Items listed in a dataset:
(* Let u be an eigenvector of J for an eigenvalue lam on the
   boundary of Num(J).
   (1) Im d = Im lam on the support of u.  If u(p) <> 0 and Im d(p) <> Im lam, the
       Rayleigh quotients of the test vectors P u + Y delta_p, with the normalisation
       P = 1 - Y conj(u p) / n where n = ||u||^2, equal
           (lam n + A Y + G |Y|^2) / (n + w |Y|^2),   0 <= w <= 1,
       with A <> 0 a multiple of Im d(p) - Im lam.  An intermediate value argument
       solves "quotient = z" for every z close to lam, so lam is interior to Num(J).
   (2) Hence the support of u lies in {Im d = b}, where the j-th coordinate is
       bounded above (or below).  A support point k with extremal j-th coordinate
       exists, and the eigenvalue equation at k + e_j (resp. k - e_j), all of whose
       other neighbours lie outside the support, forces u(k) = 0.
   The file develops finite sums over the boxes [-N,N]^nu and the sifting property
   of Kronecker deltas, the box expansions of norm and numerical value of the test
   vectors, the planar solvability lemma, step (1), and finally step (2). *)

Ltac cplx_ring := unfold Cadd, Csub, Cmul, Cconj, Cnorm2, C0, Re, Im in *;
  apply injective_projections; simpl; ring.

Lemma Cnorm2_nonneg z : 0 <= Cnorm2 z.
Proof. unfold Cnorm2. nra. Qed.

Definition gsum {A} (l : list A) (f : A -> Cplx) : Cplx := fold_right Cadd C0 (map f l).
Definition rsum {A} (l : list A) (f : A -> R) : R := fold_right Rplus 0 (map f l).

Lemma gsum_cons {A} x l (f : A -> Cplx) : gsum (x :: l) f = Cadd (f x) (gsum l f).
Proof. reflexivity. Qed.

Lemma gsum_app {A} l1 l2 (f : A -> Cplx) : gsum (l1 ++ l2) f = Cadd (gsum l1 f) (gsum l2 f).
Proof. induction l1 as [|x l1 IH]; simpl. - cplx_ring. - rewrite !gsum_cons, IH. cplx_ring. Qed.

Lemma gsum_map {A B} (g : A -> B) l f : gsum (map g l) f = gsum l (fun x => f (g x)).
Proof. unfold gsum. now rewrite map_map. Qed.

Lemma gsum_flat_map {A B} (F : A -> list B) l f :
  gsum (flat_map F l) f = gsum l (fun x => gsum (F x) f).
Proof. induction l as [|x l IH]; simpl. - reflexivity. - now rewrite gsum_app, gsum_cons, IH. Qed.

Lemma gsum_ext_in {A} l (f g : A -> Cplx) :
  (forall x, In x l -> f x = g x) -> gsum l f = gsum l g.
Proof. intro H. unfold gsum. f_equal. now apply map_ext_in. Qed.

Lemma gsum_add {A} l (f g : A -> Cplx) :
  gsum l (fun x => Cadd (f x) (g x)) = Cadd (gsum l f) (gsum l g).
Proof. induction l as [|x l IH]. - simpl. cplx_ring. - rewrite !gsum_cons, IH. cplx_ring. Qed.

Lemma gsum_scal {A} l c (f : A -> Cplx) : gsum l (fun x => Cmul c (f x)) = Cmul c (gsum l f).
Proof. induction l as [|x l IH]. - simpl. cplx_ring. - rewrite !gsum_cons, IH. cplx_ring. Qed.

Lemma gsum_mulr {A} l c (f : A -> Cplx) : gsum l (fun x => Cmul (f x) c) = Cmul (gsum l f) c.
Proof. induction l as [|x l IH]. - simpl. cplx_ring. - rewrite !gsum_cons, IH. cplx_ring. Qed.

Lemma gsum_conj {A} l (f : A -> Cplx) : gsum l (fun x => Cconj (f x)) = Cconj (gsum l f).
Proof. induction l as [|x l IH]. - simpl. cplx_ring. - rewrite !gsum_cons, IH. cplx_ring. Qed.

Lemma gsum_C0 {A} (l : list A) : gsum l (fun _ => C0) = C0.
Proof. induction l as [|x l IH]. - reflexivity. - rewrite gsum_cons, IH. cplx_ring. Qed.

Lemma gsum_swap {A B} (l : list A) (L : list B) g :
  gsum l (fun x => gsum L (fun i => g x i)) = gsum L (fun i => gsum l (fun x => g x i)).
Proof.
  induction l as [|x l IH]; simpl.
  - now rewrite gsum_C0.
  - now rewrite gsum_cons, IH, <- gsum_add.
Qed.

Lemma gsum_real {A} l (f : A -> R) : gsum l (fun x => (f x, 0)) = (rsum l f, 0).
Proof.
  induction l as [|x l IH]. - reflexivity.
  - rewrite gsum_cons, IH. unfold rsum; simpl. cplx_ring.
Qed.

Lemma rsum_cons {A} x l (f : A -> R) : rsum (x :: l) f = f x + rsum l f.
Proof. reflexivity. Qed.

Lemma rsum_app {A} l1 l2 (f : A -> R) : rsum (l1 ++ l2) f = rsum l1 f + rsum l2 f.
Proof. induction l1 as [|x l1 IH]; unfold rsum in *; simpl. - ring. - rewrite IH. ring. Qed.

_Exercise instructions_.
Output the records above precisely.

_Problem solution_.
(* Let u be an eigenvector of J for an eigenvalue lam on the
   boundary of Num(J).
   (1) Im d = Im lam on the support of u.  If u(p) <> 0 and Im d(p) <> Im lam, the
       Rayleigh quotients of the test vectors P u + Y delta_p, with the normalisation
       P = 1 - Y conj(u p) / n where n = ||u||^2, equal
           (lam n + A Y + G |Y|^2) / (n + w |Y|^2),   0 <= w <= 1,
       with A <> 0 a multiple of Im d(p) - Im lam.  An intermediate value argument
       solves "quotient = z" for every z close to lam, so lam is interior to Num(J).
   (2) Hence the support of u lies in {Im d = b}, where the j-th coordinate is
       bounded above (or below).  A support point k with extremal j-th coordinate
       exists, and the eigenvalue equation at k + e_j (resp. k - e_j), all of whose
       other neighbours lie outside the support, forces u(k) = 0.
   The file develops finite sums over the boxes [-N,N]^nu and the sifting property
   of Kronecker deltas, the box expansions of norm and numerical value of the test
   vectors, the planar solvability lemma, step (1), and finally step (2). *)

Ltac cplx_ring := unfold Cadd, Csub, Cmul, Cconj, Cnorm2, C0, Re, Im in *;
  apply injective_projections; simpl; ring.

Lemma Cnorm2_nonneg z : 0 <= Cnorm2 z.
Proof. unfold Cnorm2. nra. Qed.

Definition gsum {A} (l : list A) (f : A -> Cplx) : Cplx := fold_right Cadd C0 (map f l).
Definition rsum {A} (l : list A) (f : A -> R) : R := fold_right Rplus 0 (map f l).

Lemma gsum_cons {A} x l (f : A -> Cplx) : gsum (x :: l) f = Cadd (f x) (gsum l f).
Proof. reflexivity. Qed.

Lemma gsum_app {A} l1 l2 (f : A -> Cplx) : gsum (l1 ++ l2) f = Cadd (gsum l1 f) (gsum l2 f).
Proof. induction l1 as [|x l1 IH]; simpl. - cplx_ring. - rewrite !gsum_cons, IH. cplx_ring. Qed.

Lemma gsum_map {A B} (g : A -> B) l f : gsum (map g l) f = gsum l (fun x => f (g x)).
Proof. unfold gsum. now rewrite map_map. Qed.

Lemma gsum_flat_map {A B} (F : A -> list B) l f :
  gsum (flat_map F l) f = gsum l (fun x => gsum (F x) f).
Proof. induction l as [|x l IH]; simpl. - reflexivity. - now rewrite gsum_app, gsum_cons, IH. Qed.

Lemma gsum_ext_in {A} l (f g : A -> Cplx) :
  (forall x, In x l -> f x = g x) -> gsum l f = gsum l g.
Proof. intro H. unfold gsum. f_equal. now apply map_ext_in. Qed.

Lemma gsum_add {A} l (f g : A -> Cplx) :
  gsum l (fun x => Cadd (f x) (g x)) = Cadd (gsum l f) (gsum l g).
Proof. induction l as [|x l IH]. - simpl. cplx_ring. - rewrite !gsum_cons, IH. cplx_ring. Qed.

Lemma gsum_scal {A} l c (f : A -> Cplx) : gsum l (fun x => Cmul c (f x)) = Cmul c (gsum l f).
Proof. induction l as [|x l IH]. - simpl. cplx_ring. - rewrite !gsum_cons, IH. cplx_ring. Qed.

Lemma gsum_mulr {A} l c (f : A -> Cplx) : gsum l (fun x => Cmul (f x) c) = Cmul (gsum l f) c.
Proof. induction l as [|x l IH]. - simpl. cplx_ring. - rewrite !gsum_cons, IH. cplx_ring. Qed.

Lemma gsum_conj {A} l (f : A -> Cplx) : gsum l (fun x => Cconj (f x)) = Cconj (gsum l f).
Proof. induction l as [|x l IH]. - simpl. cplx_ring. - rewrite !gsum_cons, IH. cplx_ring. Qed.

Lemma gsum_C0 {A} (l : list A) : gsum l (fun _ => C0) = C0.
Proof. induction l as [|x l IH]. - reflexivity. - rewrite gsum_cons, IH. cplx_ring. Qed.

Lemma gsum_swap {A B} (l : list A) (L : list B) g :
  gsum l (fun x => gsum L (fun i => g x i)) = gsum L (fun i => gsum l (fun x => g x i)).
Proof.
  induction l as [|x l IH]; simpl.
  - now rewrite gsum_C0.
  - now rewrite gsum_cons, IH, <- gsum_add.
Qed.

Lemma gsum_real {A} l (f : A -> R) : gsum l (fun x => (f x, 0)) = (rsum l f, 0).
Proof.
  induction l as [|x l IH]. - reflexivity.
  - rewrite gsum_cons, IH. unfold rsum; simpl. cplx_ring.
Qed.

Lemma rsum_cons {A} x l (f : A -> R) : rsum (x :: l) f = f x + rsum l f.
Proof. reflexivity. Qed.

Lemma rsum_app {A} l1 l2 (f : A -> R) : rsum (l1 ++ l2) f = rsum l1 f + rsum l2 f.
Proof. induction l1 as [|x l1 IH]; unfold rsum in *; simpl. - ring. - rewrite IH. ring. Qed.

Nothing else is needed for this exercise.